# [The task]
Repeat the stretch of entries below from the line with "Record rule : Type" through the line with "rules_normalised : forall". Include both ends and add nothing.

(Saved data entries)

Section CABA.

(* F : function symbols, P : predicate symbols.  Variables are natural numbers
   (a countably infinite supply, as needed for renaming apart). *)
Context {F P : Type}.

Inductive term : Type :=
| Var (x : nat)
| Fn (f : F) (ts : list term).

Record atom : Type := Atom { pred_of : P; args_of : list term }.

(* substitutions are total maps from variables to terms; applying one to a
   finite object only depends on finitely many of its values *)
Definition subst := nat -> term.

Fixpoint tsubst (th : subst) (t : term) : term :=
  match t with
  | Var x => th x
  | Fn f ts => Fn f (map (tsubst th) ts)
  end.

Definition asubst (th : subst) (a : atom) : atom :=
  Atom (pred_of a) (map (tsubst th) (args_of a)).

Fixpoint tvars (t : term) : list nat :=
  match t with
  | Var x => [x]
  | Fn _ ts => flat_map tvars ts
  end.

Definition avars (a : atom) : list nat := flat_map tvars (args_of a).

Definition aground (a : atom) : Prop := avars a = [].

Fixpoint mk_subst (xs : list nat) (ts : list term) : subst :=
  match xs, ts with
  | x :: xs', t :: ts' => fun y => if Nat.eqb y x then t else mk_subst xs' ts' y
  | _, _ => Var
  end.

Record rule : Type := Rule { rhead : P; rvars : list nat; rbody : list atom }.

Definition rhead_atom (r : rule) : atom := Atom (rhead r) (map Var (rvars r)).

Definition rule_vars (r : rule) : list nat := rvars r ++ flat_map avars (rbody r).

Definition rename_rule (rho : nat -> nat) (r : rule) : rule :=
  Rule (rhead r) (map rho (rvars r)) (map (asubst (fun x => Var (rho x))) (rbody r)).

Definition injective_nat (rho : nat -> nat) : Prop :=
  forall x y, rho x = rho y -> x = y.

Inductive formula : Type :=
| FAtom (a : atom)
| FFalse
| FImp (phi psi : formula)
| FAll (x : nat) (phi : formula).

Fixpoint fpreds_in (Q : P -> Prop) (phi : formula) : Prop :=
  match phi with
  | FAtom a => Q (pred_of a)
  | FFalse => True
  | FImp phi psi => fpreds_in Q phi /\ fpreds_in Q psi
  | FAll _ phi => fpreds_in Q phi
  end.

Record structure : Type := Structure {
  dom : Type;
  dom_inh : dom;
  ifun : F -> list dom -> dom;
  ipred : P -> list dom -> Prop }.

Fixpoint teval (M : structure) (v : nat -> dom M) (t : term) : dom M :=
  match t with
  | Var x => v x
  | Fn f ts => @ifun M f (map (teval M v) ts)
  end.

Definition aholds (M : structure) (v : nat -> dom M) (a : atom) : Prop :=
  @ipred M (pred_of a) (map (teval M v) (args_of a)).

Definition upd (M : structure) (v : nat -> dom M) (x : nat) (d : dom M) : nat -> dom M :=
  fun y => if Nat.eqb y x then d else v y.

Fixpoint sat (M : structure) (v : nat -> dom M) (phi : formula) : Prop :=
  match phi with
  | FAtom a => aholds M v a
  | FFalse => False
  | FImp phi psi => sat M v phi -> sat M v psi
  | FAll x phi => forall d : dom M, sat M (upd M v x d) phi
  end.

Definition normalised (is_cpred : P -> Prop) (r : rule) : Prop :=
  ~ is_cpred (rhead r) /\ NoDup (rvars r) /\
  forall b, In b (rbody r) ->
    is_cpred (pred_of b) \/
    (~ is_cpred (pred_of b) /\
     exists xs, NoDup xs /\ args_of b = map Var xs).

Record caba : Type := CABA {
  (* constraints C = atoms whose predicate is a constraint predicate *)
  is_cpred : P -> Prop;
  ceq : P;
  ceq_cpred : is_cpred ceq;
  CT : formula -> Prop;
  CT_lang : forall phi, CT phi -> fpreds_in is_cpred phi;
  is_rule : rule -> Prop;
  rules_normalised : forall r, is_rule r -> normalised is_cpred r;
  (* assumptions A = atoms whose predicate is an assumption predicate *)
  is_apred : P -> Prop;
  apred_not_cpred : forall p, is_apred p -> ~ is_cpred p;
  apred_nonempty : exists p, is_apred p;
  apred_not_head : forall r, is_rule r -> ~ is_apred (rhead r);
  (* contrary: contrary of p(t) is cp(t) *)
  contrary_pred : P -> P;
  contrary_not_cpred : forall p, is_apred p -> ~ is_cpred (contrary_pred p) }.

Section Framework.
Variable fw : caba.

Definition is_constraint (a : atom) : Prop := is_cpred fw (pred_of a).
Definition is_assumption (a : atom) : Prop := is_apred fw (pred_of a).

Definition model (M : structure) : Prop :=
  (forall l, @ipred M (ceq fw) l <-> exists d, l = [d; d]) /\
  (forall phi, CT fw phi -> forall v, sat M v phi).

Definition consistent (C : list atom) : Prop :=
  (forall c, In c C -> is_constraint c) /\
  forall M, model M -> exists v : nat -> dom M, forall c, In c C -> aholds M v c.

(** argument trees: leaves are [TTrue] or atoms; an inner node records its
    label, the rule r of R used and the renamed-apart copy c of r *)
Inductive tree : Type :=
| TTrue
| TLeaf (a : atom)
| TNode (a : atom) (r c : rule) (ch : list tree).

Definition label (T : tree) : option atom :=
  match T with
  | TTrue => None
  | TLeaf a => Some a
  | TNode a _ _ _ => Some a
  end.

Fixpoint tvalid (T : tree) : Prop :=
  match T with
  | TTrue => True
  | TLeaf a => is_constraint a \/ is_assumption a
  | TNode a r c ch =>
      is_rule fw r /\
      (exists rho, injective_nat rho /\ c = rename_rule rho r) /\
      pred_of a = rhead c /\
      length (args_of a) = length (rvars c) /\
      (let th := mk_subst (rvars c) (args_of a) in
       match rbody c with
       | [] => ch = [TTrue]
       | body => map label ch = map (fun b => Some (asubst th b)) body
       end) /\
      (fix allv (l : list tree) : Prop :=
         match l with [] => True | T' :: l' => tvalid T' /\ allv l' end) ch
  end.

Fixpoint tleaves (T : tree) : list atom :=
  match T with
  | TTrue => []
  | TLeaf a => [a]
  | TNode _ _ _ ch => flat_map tleaves ch
  end.

Fixpoint trules (T : tree) : list rule :=
  match T with
  | TTrue => []
  | TLeaf _ => []
  | TNode _ r _ ch => r :: flat_map trules ch
  end.

Fixpoint tcopies (T : tree) : list rule :=
  match T with
  | TTrue => []
  | TLeaf _ => []
  | TNode _ _ c ch => c :: flat_map tcopies ch
  end.

Definition disjoint (l1 l2 : list nat) : Prop := forall x, In x l1 -> ~ In x l2.

Definition renamed_apart (T : tree) (s : atom) : Prop :=
  let cs := tcopies T in
  (forall i j, i <> j -> i < length cs -> j < length cs ->
     disjoint (rule_vars (nth i cs (Rule (ceq fw) [] [])))
              (rule_vars (nth j cs (Rule (ceq fw) [] [])))) /\
  (forall c, In c cs -> disjoint (rule_vars c) (avars s)).

Record carg : Type := CArg { aC : list atom; aA : list atom; aR : list rule; claim : atom }.

Definition seteq {T : Type} (l1 l2 : list T) : Prop := forall x, In x l1 <-> In x l2.

Definition tight (al : carg) : Prop :=
  ~ is_constraint (claim al) /\
  consistent (aC al) /\
  exists T : tree,
    tvalid T /\ label T = Some (claim al) /\ renamed_apart T (claim al) /\
    (forall x, In x (aC al) <-> In x (tleaves T) /\ is_constraint x) /\
    (forall x, In x (aA al) <-> In x (tleaves T) /\ is_assumption x) /\
    seteq (aR al) (trules T).

Definition most_general (al : carg) : Prop :=
  tight al /\ exists xs, NoDup xs /\ args_of (claim al) = map Var xs.

Definition cinst_via (al' al : carg) (th : subst) (D : list atom) : Prop :=
  (forall d, In d D -> is_constraint d) /\
  seteq (aC al') (map (asubst th) (aC al) ++ D) /\
  seteq (aA al') (map (asubst th) (aA al)) /\
  seteq (aR al') (aR al) /\
  claim al' = asubst th (claim al) /\
  consistent (aC al').

Definition cinst (al' al : carg) : Prop := exists th D, cinst_via al' al th D.

Definition is_carg (al' : carg) : Prop := exists al, tight al /\ cinst al' al.
Definition is_mgcarg (al : carg) : Prop := most_general al.

Definition ground_carg (al : carg) : Prop :=
  (forall a, In a (aC al) -> aground a) /\
  (forall a, In a (aA al) -> aground a) /\
  aground (claim al).

Definition GrCInst (al : carg) (al' : carg) : Prop := cinst al' al /\ ground_carg al'.
Definition GrCInstS (Gamma : carg -> Prop) (al' : carg) : Prop :=
  exists al, Gamma al /\ GrCInst al al'.

End Framework.
End CABA.

(** A tight argument for a claim p(t) is generalised by relabelling its tree:
    the root becomes p(Y) for fresh distinct variables Y, and every label below
    is recomputed from the same rule copies.  Since the copies are renamed apart
    from Y, the substitution {Y/t} maps the new tree back onto the old one, so the
    old argument is a constrained instance (with no extra constraints) of a most
    general one.  Constrained instantiation is transitive, so ground instances of
    constrained arguments are ground instances of most general ones; conversely,
    a most general argument is tight and hence a constrained instance of itself. *)

From Stdlib Require Import List Lia Classical PeanoNat.
Import ListNotations.

Section Substitution.
Context {F P : Type}.

Fixpoint term_nested_ind (Q : @term F -> Prop) (HV : forall x, Q (Var x))
  (HF : forall f ts, Forall Q ts -> Q (Fn f ts)) (t : term) : Q t :=
  match t with
  | Var x => HV x
  | Fn f ts => HF f ts ((fix all_ts (l : list term) : Forall Q l :=
       match l with
       | [] => Forall_nil _
       | u :: l' => Forall_cons _ (term_nested_ind Q HV HF u) (all_ts l')
       end) ts)
  end.

Lemma tsubst_ext_in (th1 th2 : subst) (t : @term F) :
  (forall x, In x (tvars t) -> th1 x = th2 x) -> tsubst th1 t = tsubst th2 t.
Proof.
  induction t as [x | f ts IH] using term_nested_ind; simpl; intros Hth.
  - apply Hth; simpl; auto.
  - f_equal. apply map_ext_in. intros u Hu.
    rewrite Forall_forall in IH. apply IH; auto.
    intros x Hx. apply Hth, in_flat_map. eauto.
Qed.

Lemma tsubst_Var (t : @term F) : tsubst Var t = t.
Proof.
  induction t as [x | f ts IH] using term_nested_ind; simpl; auto.
  f_equal. rewrite <- (map_id ts) at 2. apply map_ext_in.
  intros u Hu. rewrite Forall_forall in IH. auto.
Qed.

Lemma tsubst_tsubst (th1 th2 : subst) (t : @term F) :
  tsubst th1 (tsubst th2 t) = tsubst (fun x => tsubst th1 (th2 x)) t.
Proof.
  induction t as [x | f ts IH] using term_nested_ind; simpl; auto.
  f_equal. rewrite map_map. apply map_ext_in.
  intros u Hu. rewrite Forall_forall in IH. auto.
Qed.

Lemma teval_tsubst (M : @structure F P) v th (t : @term F) :
  teval M v (tsubst th t) = teval M (fun x => teval M v (th x)) t.
Proof.
  induction t as [x | f ts IH] using term_nested_ind; simpl; auto.
  f_equal. rewrite map_map. apply map_ext_in.
  intros u Hu. rewrite Forall_forall in IH. auto.
Qed.

Lemma asubst_ext_in (th1 th2 : subst) (a : @atom F P) :
  (forall x, In x (avars a) -> th1 x = th2 x) -> asubst th1 a = asubst th2 a.
Proof.
  intros Hth. unfold asubst. f_equal. apply map_ext_in. intros t Ht.
  apply tsubst_ext_in. intros x Hx. apply Hth, in_flat_map. eauto.
Qed.

Lemma asubst_Var (a : @atom F P) : asubst Var a = a.
Proof.
  destruct a as [p ts]. unfold asubst; simpl.
  f_equal. rewrite <- (map_id ts) at 2. apply map_ext, tsubst_Var.
Qed.

Lemma map_asubst_Var (l : list (@atom F P)) : map (asubst Var) l = l.
Proof. rewrite <- (map_id l) at 2. apply map_ext, asubst_Var. Qed.

Lemma asubst_asubst (th1 th2 : subst) (a : @atom F P) :
  asubst th1 (asubst th2 a) = asubst (fun x => tsubst th1 (th2 x)) a.
Proof.
  unfold asubst; simpl. f_equal. rewrite map_map. apply map_ext, tsubst_tsubst.
Qed.

Lemma aholds_asubst (M : @structure F P) v th (a : @atom F P) :
  aholds M v (asubst th a) <-> aholds M (fun x => teval M v (th x)) a.
Proof.
  unfold aholds, asubst; simpl. rewrite map_map.
  erewrite map_ext; [reflexivity | apply teval_tsubst].
Qed.

Lemma avars_Var_atom (p : P) (xs : list nat) : avars (@Atom F P p (map Var xs)) = xs.
Proof.
  unfold avars; simpl. induction xs as [|x xs IH]; simpl; congruence.
Qed.

Lemma mk_subst_notin xs (ts : list (@term F)) x : ~ In x xs -> mk_subst xs ts x = Var x.
Proof.
  revert ts; induction xs as [|y xs IH]; intros [|t ts] Hx; simpl; auto.
  destruct (Nat.eqb_spec x y) as [-> | _].
  - exfalso. apply Hx; simpl; auto.
  - apply IH. intro; apply Hx; simpl; auto.
Qed.

Lemma map_mk_subst xs (ts : list (@term F)) :
  NoDup xs -> length xs = length ts -> map (mk_subst xs ts) xs = ts.
Proof.
  revert ts; induction xs as [|x xs IH]; intros [|t ts] Hnd Hlen;
    simpl in *; try discriminate; auto.
  rewrite Nat.eqb_refl. f_equal. inversion Hnd as [|? ? Hx Hnd']; subst.
  transitivity (map (mk_subst xs ts) xs); [|apply IH; auto].
  apply map_ext_in. intros y Hy.
  destruct (Nat.eqb_spec y x) as [-> | _]; [contradiction | reflexivity].
Qed.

# [Solved exercise]
Record rule : Type := Rule { rhead : P; rvars : list nat; rbody : list atom }.

Definition rhead_atom (r : rule) : atom := Atom (rhead r) (map Var (rvars r)).

Definition rule_vars (r : rule) : list nat := rvars r ++ flat_map avars (rbody r).

Definition rename_rule (rho : nat -> nat) (r : rule) : rule :=
  Rule (rhead r) (map rho (rvars r)) (map (asubst (fun x => Var (rho x))) (rbody r)).

Definition injective_nat (rho : nat -> nat) : Prop :=
  forall x y, rho x = rho y -> x = y.

Inductive formula : Type :=
| FAtom (a : atom)
| FFalse
| FImp (phi psi : formula)
| FAll (x : nat) (phi : formula).

Fixpoint fpreds_in (Q : P -> Prop) (phi : formula) : Prop :=
  match phi with
  | FAtom a => Q (pred_of a)
  | FFalse => True
  | FImp phi psi => fpreds_in Q phi /\ fpreds_in Q psi
  | FAll _ phi => fpreds_in Q phi
  end.

Record structure : Type := Structure {
  dom : Type;
  dom_inh : dom;
  ifun : F -> list dom -> dom;
  ipred : P -> list dom -> Prop }.

Fixpoint teval (M : structure) (v : nat -> dom M) (t : term) : dom M :=
  match t with
  | Var x => v x
  | Fn f ts => @ifun M f (map (teval M v) ts)
  end.

Definition aholds (M : structure) (v : nat -> dom M) (a : atom) : Prop :=
  @ipred M (pred_of a) (map (teval M v) (args_of a)).

Definition upd (M : structure) (v : nat -> dom M) (x : nat) (d : dom M) : nat -> dom M :=
  fun y => if Nat.eqb y x then d else v y.

Fixpoint sat (M : structure) (v : nat -> dom M) (phi : formula) : Prop :=
  match phi with
  | FAtom a => aholds M v a
  | FFalse => False
  | FImp phi psi => sat M v phi -> sat M v psi
  | FAll x phi => forall d : dom M, sat M (upd M v x d) phi
  end.

Definition normalised (is_cpred : P -> Prop) (r : rule) : Prop :=
  ~ is_cpred (rhead r) /\ NoDup (rvars r) /\
  forall b, In b (rbody r) ->
    is_cpred (pred_of b) \/
    (~ is_cpred (pred_of b) /\
     exists xs, NoDup xs /\ args_of b = map Var xs).

Record caba : Type := CABA {
  (* constraints C = atoms whose predicate is a constraint predicate *)
  is_cpred : P -> Prop;
  ceq : P;
  ceq_cpred : is_cpred ceq;
  CT : formula -> Prop;
  CT_lang : forall phi, CT phi -> fpreds_in is_cpred phi;
  is_rule : rule -> Prop;
  rules_normalised : forall r, is_rule r -> normalised is_cpred r;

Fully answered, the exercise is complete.